(Beginning of Data)
(* (Height-preserving contraction.) For all $n\geq1$, finite multisets of formulas $\Gamma,\Delta$, every formula $\nu$ and every classical formula $\alpha$: $\vdash^n\Gamma,\nu,\nu\Rightarrow\Delta$ implies $\vdash^n\Gamma,\nu\Rightarrow\Delta$ (left contraction), and $\vdash^n\Gamma\Rightarrow\alpha,\alpha,\Delta$ implies $\vdash^n\Gamma\Rightarrow\alpha,\Delta$ (right contraction for classical formulas).
   Context: Fix a countably infinite set $\mathsf{Prop}$ of propositional variables. Classical formulas are generated by $\alpha ::= p \mid \bot \mid \neg\alpha \mid \alpha\wedge\alpha \mid \alpha\vee\alpha$ with $p\in\mathsf{Prop}$. Formulas are generated by $\phi ::= \alpha \mid \phi\wedge\phi \mid \phi\vee\phi \mid \phi\mathbin{\backslash\!\!/}\phi$ where $\alpha$ is classical ($\vee$: split disjunction, $\mathbin{\backslash\!\!/}$: inquisitive disjunction). A sequent is $\Gamma\Rightarrow\Delta$ with $\Gamma,\Delta$ finite multisets of formulas; ''$\Gamma,\Delta$'' denotes multiset union. Deep-inference notation: for a formula $\chi$ with a designated occurrence of a subformula not in the scope of any negation, $\chi\{\eta\}$ denotes the result of replacing that occurrence by $\eta$. The cut-free calculus $\mathsf{GT}^-$ ($\alpha$ ranges over classical formulas, $\Lambda$ over multisets of classical formulas): axioms $\Gamma,p\Rightarrow p,\Delta$ and $\Gamma,\bot\Rightarrow\Delta$; (L$\neg$) from $\Gamma\Rightarrow\alpha,\Delta$ infer $\Gamma,\neg\alpha\Rightarrow\Delta$; (R$\neg$) from $\Gamma,\alpha\Rightarrow\Delta$ infer $\Gamma\Rightarrow\neg\alpha,\Delta$; (L$\wedge$) from $\Gamma,\phi,\psi\Rightarrow\Delta$ infer $\Gamma,\phi\wedge\psi\Rightarrow\Delta$; (R$\wedge$) from $\Gamma\Rightarrow\phi,\Lambda$ and $\Gamma\Rightarrow\psi,\Lambda$ infer $\Gamma\Rightarrow\phi\wedge\psi,\Lambda,\Delta$; (L$\vee$) from $\Gamma,\phi\Rightarrow\Lambda$ and $\Gamma,\psi\Rightarrow\Lambda$ infer $\Gamma,\phi\vee\psi\Rightarrow\Lambda,\Delta$; (R$\vee$) from $\Gamma\Rightarrow\phi,\psi,\Delta$ infer $\Gamma\Rightarrow\phi\vee\psi,\Delta$; (L$\mathbin{\backslash\!\!/}$) from $\Gamma,\chi\{\phi_L\}\Rightarrow\Delta$ and $\Gamma,\chi\{\phi_R\}\Rightarrow\Delta$ infer $\Gamma,\chi\{\phi_L\mathbin{\backslash\!\!/}\phi_R\}\Rightarrow\Delta$; (R$\mathbin{\backslash\!\!/}$) from $\Gamma\Rightarrow\chi\{\phi_i\},\Delta$ ($i\in\{L,R\}$) infer $\Gamma\Rightarrow\chi\{\phi_L\mathbin{\backslash\!\!/}\phi_R\},\Delta$. The height of a derivation consisting of a single axiom is $1$; otherwise it is $1$ plus the maximum height of the subderivations of the premises of its last rule. $\vdash^n\Gamma\Rightarrow\Delta$ means there is a $\mathsf{GT}^-$-derivation of $\Gamma\Rightarrow\Delta$ of height at most $n$. *)

From Stdlib Require Import List Permutation Arith.
Import ListNotations.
(End of Data)
## [Work to be completed]
Check each line above for the word "Import" and copy the ones that have it.

## [Response]
From Stdlib Require Import List Permutation Arith.
Import ListNotations.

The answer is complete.